Bashford Dean was born in New York in 1867. Scion of frugal Dutch and English ancestors who had lived in the vicinity of Riverdale-on-the-Hudson since the 17th Century, it was his good fortune never to want for money. His wealth was lucky for him, for no one has ever yet made a fortune from either of Bashford Dean's hobbies, ichthyology or armor.

As soon as he was big enough to turn the pinion wheels of a microscope, small and studious Bashford Dean began to study natural history. His interest in armor also began early. When he was six years old he visited the home of one Carlton Gates in Yonkers, stood for half an hour in rapt contemplation of a beautiful Maximilian helmet. Four years later Carlton Gates died, his effects were sold at auction. Ten-year-old Bashford Dean insisted on being taken to the auction, was heartbroken when the cherished helmet went for more money than he could afford. Clutched in his small and studious fists he did carry away from that sale two engraved daggers which became the nucleus of the Dean armor collection. It was typical of him that to the day of his death he never lost hope of finding the Gates helmet again, sometime, somewhere.

At the College of the City of New York and Columbia University he temporarily forsook the trappings of war to concentrate on fish. In 1886 he became a Tutor of Natural History, in 1896 Assistant Professor of Zoology. In 1890 he won his Ph.D. with a thesis: Pineal Fontanelle of Placaderm and Catfish. His interest in fish and his interest in armor remained parallel. In 1903 he was appointed Curator of Fishes & Reptiles at the Museum of Natural History. In 1906 he became Honorary Curator (without salary) of Arms & Armor at the Metropolitan Museum of Art. Almost the same time that he was obtaining the invaluable Riggs collection of armor for the Metropolitan, he was publishing through the Natural History Museum his magnum opus, a stupendous, three-volume Bibliography of Fishes.

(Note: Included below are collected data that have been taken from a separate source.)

(* Expanding [pr kA w] and [pr kB w] turns the sum into a triple sum over
   [(w1, w2, w)]; summing first over [w], which then ranges over a single
   [kABC]-class, gives at most [mu w1 * mu w2 / pr fc w2]. *)
Lemma sum_mass_cmi_ratio_le :
  \big[Rplus/0]_w (mu w * cmi_ratio w) <= \big[Rplus/0]_w mu w.
Proof.
pose F w1 w2 w := if (kA w1 == kA w) && (kB w2 == kB w)
  then mu w1 * (mu w2 / pr fc w2) * (mu w / pr kABC w) else 0.
have expand w : mu w * cmi_ratio w = \big[Rplus/0]_w1 \big[Rplus/0]_w2 F w1 w2 w.
  have sumB : \big[Rplus/0]_(w2 | kB w2 == kB w) (mu w2 / pr fc w2) = pr kB w / pr fc w.
    rewrite /Rdiv big_distrl /=; apply: eq_bigr => w2 /eqP[_ c2].
    by rewrite (pr_eq c2).
  transitivity (pr kA w * (pr kB w / pr fc w) * (mu w / pr kABC w)).
    by rewrite /cmi_ratio /Rdiv Rinv_mult; ring.
  rewrite -sumB [pr kA w]/pr !big_distrl (big_mkcond (fun w1 => kA w1 == kA w)) /=.
  apply: eq_bigr => w1 _; rewrite /F; case: (kA w1 == kA w); last first.
    by rewrite big1 //= => w2 _; rewrite !Rmult_0_l.
  rewrite big_distrr big_distrl (big_mkcond (fun w2 => kB w2 == kB w)) /=.
  by apply: eq_bigr => w2 _; case: (kB w2 == kB w) => //; rewrite !Rmult_0_r Rmult_0_l.
have inner w1 w2 : \big[Rplus/0]_w F w1 w2 w
    <= if fc w2 == fc w1 then mu w1 * (mu w2 / pr fc w2) else 0.
  case: (eqVneq (fc w2) (fc w1)) => [_|c21]; last first.
    rewrite big1; first lra.
    move=> w _; rewrite /F; case: andP => // [[/eqP[_ c1] /eqP[_ c2]]].
    by move: c21; rewrite c1 c2 eqxx.
  rewrite -big_mkcond -big_distrr /=.
  have c_ge0 : 0 <= mu w1 * (mu w2 / pr fc w2).
    by apply: Rmult_le_pos => //; apply: Rmult_le_pos => //; apply: Rinv_ge0; apply: pr_ge0.
  have : \big[Rplus/0]_(w | (kA w1 == kA w) && (kB w2 == kB w)) (mu w / pr kABC w) <= 1.
    apply: sum_in_class_le1 => w w' /andP[/eqP[a c] /eqP[b _]] /andP[/eqP[a' c'] /eqP[b' _]].
    by rewrite /kABC -a -a' -b -b' -c -c'.
  nra.
rewrite (eq_bigr _ (fun w _ => expand w)) exchange_big /=.
apply: ler_sumR => w1 _; rewrite exchange_big /=.
apply: Rle_trans (ler_sumR _ _ _ _ _ (fun w2 _ => inner w1 w2)) _.
rewrite -big_mkcond -big_distrr /=.
have : \big[Rplus/0]_(w2 | fc w2 == fc w1) (mu w2 / pr fc w2) <= 1.
  by apply: sum_in_class_le1 => w w' /eqP-> /eqP->.
have := mu_ge0 w1; nra.
Qed.

Lemma cmi_eq_sum_ln : cmi fa fb fc = - \big[Rplus/0]_w (mu w * ln (cmi_ratio w)).
Proof.
rewrite /cmi /entropy.
rewrite [X in _ = - X](eq_bigr (fun w => mu w * ln (pr kA w) + mu w * ln (pr kB w)
    + - (mu w * ln (pr kABC w)) + - (mu w * ln (pr fc w)))); last first.
  move=> w _; have [mu_gt0|<-] := Rle_lt_or_eq_dec _ _ (mu_ge0 w); last ring.
  have pA := pr_gt0 kA w mu_gt0; have pB := pr_gt0 kB w mu_gt0.
  have pABC := pr_gt0 kABC w mu_gt0; have pC := pr_gt0 fc w mu_gt0.
  rewrite /cmi_ratio /Rdiv ln_mult; [|nra|apply: Rinv_0_lt_compat; nra].
  rewrite ln_Rinv; last nra.
  rewrite !ln_mult //; ring.
by rewrite !big_split /= !sumRN; rewrite /kA /kB /kABC; ring.
Qed.

End Ratio.

Lemma cmi_ge0 (T1 T2 T3 : eqType) (fa : W -> T1) (fb : W -> T2) (fc : W -> T3) :
  0 <= cmi fa fb fc.
Proof.
rewrite cmi_eq_sum_ln.
have := sum_mass_ln_le _ (cmi_ratio_gt0 _ _ _ fa fb fc).
have := sum_mass_cmi_ratio_le _ _ _ fa fb fc.
lra.
Qed.
End Entropy.

Arguments pr {W} mu {T} k w.
Arguments entropy {W} mu {T} k.
Arguments cmi {W} mu {T1 T2 T3} ka kb kc.
Arguments pr_gt0 {W mu} mu_ge0 {T} k w.

Lemma entropy_pushforward (W1 W2 : finType) (mu1 : W1 -> R) (mu2 : W2 -> R)
    (f : W1 -> W2) (T : eqType) (k1 : W1 -> T) (k2 : W2 -> T) :
  (forall u, mu2 u = \big[Rplus/0]_(w | f w == u) mu1 w) ->
  (forall w, k1 w = k2 (f w)) -> entropy mu1 k1 = entropy mu2 k2.
Proof.
move=> mu12 k12.
have pr12 w : pr mu1 k1 w = pr mu2 k2 (f w).
  rewrite /pr (partition_big f (fun u => k2 u == k2 (f w))) /=; last by move=> i; rewrite !k12.
  apply: eq_bigr => u /eqP ku; rewrite mu12; apply: eq_bigl => i.
  by rewrite andbC; case: eqP => //= fi; rewrite !k12 fi ku eqxx.
rewrite /entropy; congr (- _).
rewrite (eq_bigr (fun w => mu1 w * ln (pr mu2 k2 (f w)))); last by move=> w _; rewrite pr12.
rewrite (partition_big f xpredT) //=; apply: eq_bigr => u _.
by rewrite mu12 big_distrl /=; apply: eq_bigr => w /eqP ->.
Qed.

Ltac mem_cases :=
  repeat match goal with
  | |- context [?x \in ?s] => case: (x \in s)
  | |- context [?x == ?y] => case: (x == y)
  end;
  intros; repeat match goal with h : is_true true -> _ |- _ => specialize (h isT) end.

Ltac mem_tauto := move=> ?; rewrite /= ?(mem_cat, in_cons, in_nil); mem_cases.

Lemma mem_map_addn d s i : (i \in map (addn d) s) = (d <= i)%nat && ((i - d)%nat \in s).
Proof.
apply/mapP/andP => [[j hj ->]|[le_di hs]]; first by rewrite leq_addr addKn.
by exists (i - d)%nat; rewrite ?subnKC.
Qed.

Ltac positions_lia :=
  rewrite /= ?(mem_cat, mem_iota, in_cons, in_nil, mem_seq1, mem_map_addn); lia.

Ltac positions :=
  lazymatch goal with
  | |- is_true _ -> _ => positions_lia
  | |- forall _, _ => move=> ?; positions
  | |- _ /\ _ => split; positions
  | |- _ => first [progress hnf; positions | positions_lia]
  end.

Local Notation Xseg a n := (iota a n, [::]).
Local Notation Rpos t := ([::], [:: t]).

Section Window.
Context {Xs Rs : finType} (law : forall n, window Xs Rs n -> R).

Lemma H_entropy L (a : var) : H law L a = entropy (law L.+1) (proj L a.1 a.2).
Proof. by []. Qed.

Lemma proj_eq L sx sr (w w' : window Xs Rs L.+1) :
  (proj L sx sr w' == proj L sx sr w) =
  all (fun i => (w' (inord i)).1 == (w (inord i)).1) sx &&
  all (fun i => (w' (inord i)).2 == (w (inord i)).2) sr.
Proof.
rewrite /proj xpair_eqE; congr andb.
- by elim: sx => //= i s <-; rewrite eqseq_cons.
- by elim: sr => //= i s <-; rewrite eqseq_cons.
Qed.

Lemma proj_vjoin_eq L (a b : var) (w w' : window Xs Rs L.+1) :
  (proj L (vjoin a b).1 (vjoin a b).2 w' == proj L (vjoin a b).1 (vjoin a b).2 w) =
  (proj L a.1 a.2 w' == proj L a.1 a.2 w) && (proj L b.1 b.2 w' == proj L b.1 b.2 w).
Proof. by rewrite !proj_eq !all_cat andbACA. Qed.

Lemma H_mem L (a b : var) : a.1 =i b.1 -> a.2 =i b.2 -> H law L a = H law L b.
Proof.
move=> e1 e2; rewrite !H_entropy; apply: entropy_ext => w w'.
by rewrite !proj_eq (eq_all_r e1) (eq_all_r e2).
Qed.

Lemma CMI_mem L a b c a' b' c' :
  a.1 =i a'.1 -> a.2 =i a'.2 -> b.1 =i b'.1 -> b.2 =i b'.2 -> c.1 =i c'.1 -> c.2 =i c'.2 ->
  CMI law L a b c = CMI law L a' b' c'.
Proof.
move=> a1 a2 b1 b2 c1 c2; rewrite /CMI.
by congr (_ + _ - _ - _); apply: H_mem => i /=; rewrite ?mem_cat ?a1 ?a2 ?b1 ?b2 ?c1 ?c2.
Qed.

Lemma CMI_cmi L a b c :
  CMI law L a b c = cmi (law L.+1) (proj L a.1 a.2) (proj L b.1 b.2) (proj L c.1 c.2).
Proof.
rewrite /CMI /cmi !H_entropy.
by congr (_ + _ - _ - _); apply: entropy_ext => w w'; rewrite !proj_vjoin_eq !xpair_eqE.
Qed.
Lemma level_set_eq x z (c : R) : 0 <= c ->
    (forall q : rat, 0 <= ratr q :> R -> (c <= ratr q <-> E (ratr q) x z)) ->
  level_set x z = [set r | c <= r].
Proof.
move=> c0 cE; apply/seteqP; split=> r /=.
- move=> [r0 Er]; rewrite leNgt; apply/negP => /rat_in_itvoo[q].
  rewrite in_itv /= => /andP[rq qc].
  have /cE : E (ratr q) x z by apply: Er; apply: ltW.
  by move=> /(_ (le_trans r0 (ltW rq))); rewrite leNgt qc.
- move=> cr; split=> [|q rq]; first exact: le_trans cr.
  by apply/cE; apply: le_trans rq; apply: le_trans cr.
Qed.

Lemma level_dist_eq x z (c : R) : 0 <= c ->
    (forall q : rat, 0 <= ratr q :> R -> (c <= ratr q <-> E (ratr q) x z)) ->
  level_dist x z = c.
Proof. by move=> c0 cE; rewrite /level_dist (level_set_eq c0 cE) inf_setge. Qed.

Lemma level_set_refl x : level_set x x = [set r | 0 <= r].
Proof. by apply: level_set_eq => // q _; split. Qed.

Lemma level_dist_ge0 x z : 0 <= level_dist x z.
Proof.
have [[r Sr]|S0] := pselect (level_set x z !=set0).
  by apply: lb_le_inf; [exists r | move=> ? []].
rewrite /level_dist (_ : level_set x z = set0) ?inf0 //.
by apply/seteqP; split=> // r Sr; apply: S0; exists r.
Qed.

Lemma level_distC x z : level_dist x z = level_dist z x.
Proof. by rewrite /level_dist level_setC. Qed.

In 1912 the trustees of the Metropolitan persuaded him to accept a salary for his work as curator of armor, but until his retirement in 1927 he made it a point of honor to present the museum every year with a piece of armor, a sword, or a helmet nearly as valuable as his total stipend. In 20 years he visited every important armory in the world, scoured every quarter of the globe for ancient weapons.